Within the listing below, locate all lines containing the word "kermx". Copy each one.

· · · ·

Lemma mxrank_mulmxr_quot n p k l (U : 'M[F]_(k, n))
    (V : 'M_(l, n)) (f : 'M_(n, p)) :
  (V <= U)%MS -> (U :&: kermx f <= V)%MS ->
  (\rank (U *m f) + \rank V = \rank U + \rank (V *m f))%N.
Proof.
move=> VU kerV; have eU := mxrank_mul_ker U f; have eV := mxrank_mul_ker V f.
have eK : (V :&: kermx f :=: U :&: kermx f)%MS.
  apply/eqmxP; rewrite !sub_capmx capmxSr (submx_trans (capmxSl _ _) VU).
  by rewrite kerV capmxSr.
by move: eU eV; rewrite eK; lia.
Qed.

Lemma sub0col m1 m2 (A : 'M[F]_(m1, 0)) (B : 'M_(m2, 0)) : (A <= B)%MS.
Proof. by apply: submx_full; rewrite /row_full eqn_leq rank_leq_col. Qed.

Lemma mxrank0col m (A : 'M[F]_(m, 0)) : \rank A = 0%N.
Proof. by apply/eqP; rewrite -leqn0 rank_leq_col. Qed.

End MatrixFacts.

Section Subquotients.
Variables (F : fieldType) (Lam : falgType F).
Implicit Types (M N X Y K : rmod Lam).

Definition mod_hom X Y (f : 'M[F]_(rdim X, rdim Y)) :=
  forall a : Lam, ract X a *m f = f *m ract Y a.

Lemma submod_eqmx M k k' (U : 'M[F]_(k, rdim M)) (U' : 'M_(k', rdim M)) :
  (U :=: U')%MS -> submod U -> submod U'.
Proof. by move=> eU sU a; rewrite -eU -(eqmxMr _ eU). Qed.

Lemma submod_cap M k l (U : 'M[F]_(k, rdim M)) (V : 'M_(l, rdim M)) :
  submod U -> submod V -> submod (U :&: V)%MS.
Proof.
move=> sU sV a; rewrite sub_capmx.
rewrite (submx_trans (submxMr _ (capmxSl _ _)) (sU a)).
by rewrite (submx_trans (submxMr _ (capmxSr _ _)) (sV a)).
Qed.

Lemma submod1 M : submod (1%:M : 'M[F]_(rdim M)).
Proof. by move=> a; rewrite submx1. Qed.

Lemma submod0 M k : submod (0 : 'M[F]_(k, rdim M)).
Proof. by move=> a; rewrite mul0mx sub0mx. Qed.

· · · ·

**Response to this exercise:**
  (V <= U)%MS -> (U :&: kermx f <= V)%MS ->
have eK : (V :&: kermx f :=: U :&: kermx f)%MS.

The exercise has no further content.